Enrico has been working on a draft long-term plan which is soon going to be posted for comments
There has been some discussion between Enrico and Sivan about possible titles and topics for ubuntu-specific guides, taken from the list in UDP wiki page
This IRC blurb:
< hornbeck> enrico: I think we should shoot for this http://www.gentoo.org/doc/en/index.xml < hornbeck> enrico: they have docs for just about all issues I ever ran into for gentoo < enrico> Well, the idea is that you should never run into an issue with Ubuntu, and we focus on showing how to do creative things < enrico> I wouldn't mind finally taking Linux out of the troubleshooting and customization and finally into the "how to remove the red eyes to your digital camera pictures" < Kamion> (enrico raises a good point; please don't document workarounds for problems that you should be telling us to fix instead)
It would be very useful to have a wiki->docbook gateway (based on people's pref for doc book) so that works that start in the wiki can easily become docbook documents when they grow enough
One short term goal could be a short document to get people to install ubuntu and connect with the community
We would need some sort of docbook primer like the fedora-people use (or we can use theirs)
There has been discussion on what license to choose for the documentation we produce. GFDL and GPL have been proposed. GPL would be tricky (you need to include in the source code the preferred source for modification) but an interesting challenge; GFDL would make it difficult for us to contribute our work back into Debian.
Some advice will be looked for from sabdlf or whoever has voice in this.
There has been discussion about what format to use for the documentation we produce. We have talked about three different scenarios:
For the documentation we modify, we just adapt to the format that has been chosen upstream.
For the documentation we produce from scratch, docbook has been agreed as a good default choice. However, docbook should not become a barrier that keeps contribution away, so we should encourage docbook but accept contributions the way they come. We can, of course, offer help in learning and converting existing documentation to docbook.
For the items we post in plone, it would be interesting having something to help converting plone to docbook, so that if we want to aggregate things from Plone into a bigger document we can easily do so. Also, a conversion from Docbook to Plone may help in posting back the resulting aggregated material.

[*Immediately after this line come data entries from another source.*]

Lemma wedge_mx_out (c : F) n (a b u v : 'I_n) : u \notin [:: a; b] ->
  (c *: wedge_mx a b) u v = 0 /\ (c *: wedge_mx a b) v u = 0.
Proof.
rewrite !inE negb_or => /andP[/negbTE ua /negbTE ub].
by rewrite !mxE ua ub !andbF subrr mulr0.
Qed.

Lemma alternating_wedge_mx (c : F) (a b : 'I_5) : alternating (c *: wedge_mx a b).
Proof.
apply: alternatingP => [i|i j]; rewrite !mxE; first by rewrite andbC subrr mulr0.
by rewrite (andbC (j == a)) (andbC (j == b)); ring.
Qed.

Lemma pfaff_plucker M : alternating M -> (forall e, subpfaff M e = 0) ->
  forall a b x y, M a b * M x y = M a x * M b y - M a y * M b x.
Proof.
move=> hM M0 a b x y; have sk := alternating_skew hM; have [dg _] := hM.
case: (eqVneq a b) => [<-|ab]; first by rewrite dg; ring.
case: (eqVneq x y) => [<-|xy]; first by rewrite dg; ring.
case: (eqVneq a x) => [<-|ax]; first by rewrite dg (sk a b); ring.
case: (eqVneq a y) => [<-|ay]; first by rewrite dg (sk a b) (sk a x); ring.
case: (eqVneq b x) => [<-|bx]; first by rewrite dg; ring.
case: (eqVneq b y) => [<-|bY]; first by rewrite dg (sk b x); ring.
have U : uniq [:: a; b; x; y] by rewrite /= !inE !negb_or ab ax ay bx bY xy.
have := pfaff_eq0 hM M0 U; rewrite /pfaff => pf0.
by apply/eqP; rewrite -subr_eq0 -pf0; apply/eqP; ring.
Qed.

Lemma rank2_factor M a b : alternating M -> (forall e, subpfaff M e = 0) ->
  M a b != 0 ->
  M = (M a b)^-1 *: ((row a M)^T *m row b M - (row b M)^T *m row a M).
Proof.
move=> hM M0 Mab; apply/matrixP => x y; rewrite !mxE !big_ord1 !mxE.
by apply: (mulfI Mab); rewrite mulrA mulfV // mul1r [in LHS](pfaff_plucker hM M0); ring.
Qed.

Lemma lex_first_nonzero M : alternating M -> M != 0 ->
  exists a b : 'I_5, [/\ (a < b)%N, M a b != 0,
    forall x : 'I_5, (x < a)%N -> forall y, M x y = 0 &
    forall y : 'I_5, (y < b)%N -> M a y = 0].
Proof.
move=> hM /mx_neq0_entry[i0 [j0 Mij]].
have rowP0 x y : M x y != 0 -> row x M != 0.
  by apply: contra => /eqP/rowP/(_ y); rewrite !mxE => ->.
case: (@arg_minnP _ i0 (fun i => row i M != 0) val (rowP0 _ _ Mij)) => a Ma amin.
have [? [j1 Maj]] := mx_neq0_entry Ma; rewrite mxE in Maj.
case: (@arg_minnP _ j1 (fun j => M a j != 0) val Maj) => b Mab bmin.
exists a, b; split=> //.
- rewrite ltn_neqAle leqNgt; apply/andP; split.
    by apply: contraNneq Mab => /val_inj <-; rewrite (proj1 hM).
  have Mba : M b a != 0 by rewrite (alternating_skew hM) oppr_eq0.
  by apply/negP => ba; have := amin b (rowP0 _ _ Mba); rewrite leqNgt ba.
- by move=> x xa y; apply/eqP; apply: contraTT xa => /rowP0/amin; rewrite -leqNgt.
- by move=> y yb; apply/eqP; apply: contraTT yb => /bmin; rewrite -leqNgt.
Qed.

Lemma transvection_tr_row n (j : 'I_n) (c : 'I_n -> F) (w : 'rV[F]_n) x :
  (w *m (transvection j c)^T) 0 x = w 0 x + c x * w 0 j.
Proof.
rewrite mxE -(transvection_mulE j c x (w 0)); apply: eq_bigr => v _.
by rewrite mxE mulrC.
Qed.

Lemma transvection_tr_fix n (j : 'I_n) (c : 'I_n -> F) (w : 'rV[F]_n) :
  w 0 j = 0 -> w *m (transvection j c)^T = w.
Proof. by move=> wj; apply/rowP => x; rewrite transvection_tr_row wj mulr0 addr0. Qed.

Lemma congr_outer m n (g : 'M[F]_n) (X Y : 'M[F]_(m, n)) :
  g *m (X^T *m Y) *m g^T = (X *m g^T)^T *m (Y *m g^T).
Proof. by rewrite trmx_mul trmxK !mulmxA. Qed.

Definition clearing_coef n (w : 'rV[F]_n) (j x : 'I_n) : F :=
  if (j < x)%N then - w 0 x / w 0 j else 0.

Lemma clearing_coef_le n (w : 'rV[F]_n) (j x : 'I_n) :
  (x <= j)%N -> clearing_coef w j x = 0.
Proof. by rewrite /clearing_coef ltnNge => ->. Qed.

Lemma transvection_clear n (w : 'rV[F]_n) (j : 'I_n) :
  w 0 j != 0 -> (forall x : 'I_n, (x < j)%N -> w 0 x = 0) ->
  w *m (transvection j (clearing_coef w j))^T = w 0 j *: delta_mx 0 j.
Proof.
move=> wj w0; apply/rowP => x.
rewrite transvection_tr_row !mxE eqxx /clearing_coef /=.
rewrite mulr_natr; case: (eqVneq x j) => [->|xj]; first by rewrite ltnn mul0r addr0.
rewrite mulr0n; case: (ltngtP x j) => xj'; first by rewrite w0 // mul0r addr0.
  by rewrite divfK // addrN.
by case/eqP: xj; apply: val_inj.
Qed.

Colin suggests to look at the way the installation manual's done for an existing piece of docbook with a build system included.
The possibility of using a version control system for bigger projects is also very important.
Enrico posted three mantras that produced enlightenment in one of the participants:
Mantra #1:
"Do things that are technically simple, and socially complex"
—Alberto Gistri, LUGCamp, Bracciano
Mantra #2:
"Cool thing! Let's put it into the TODO-list for the next-to-the-upcoming release!"
—Everyone, Warty Conference, Oxford
Mantra #3:
"First, get to do it. Then, document how to do it. Then, automate it."
—Custom Debian Distributions Meeting, Florence
Mantra #3:
"First, get to do it. Then, document how to do it. Then, automate it."
—Custom Debian Distributions Meeting, Florence
"Automate it" could also mean "send a wishlist bug to the developers", and that's one way of having feedback from the community to the developers.
Part of our job will also be to let the developers know when something is too complex. This also avoids us to be busy writing documents that should not be written in the first place.
Further work:
The meeting ended after 1 hour 45 minutes, with the intention of sending the summary, the proposal and the other notes we have in -devel and continue discussion there.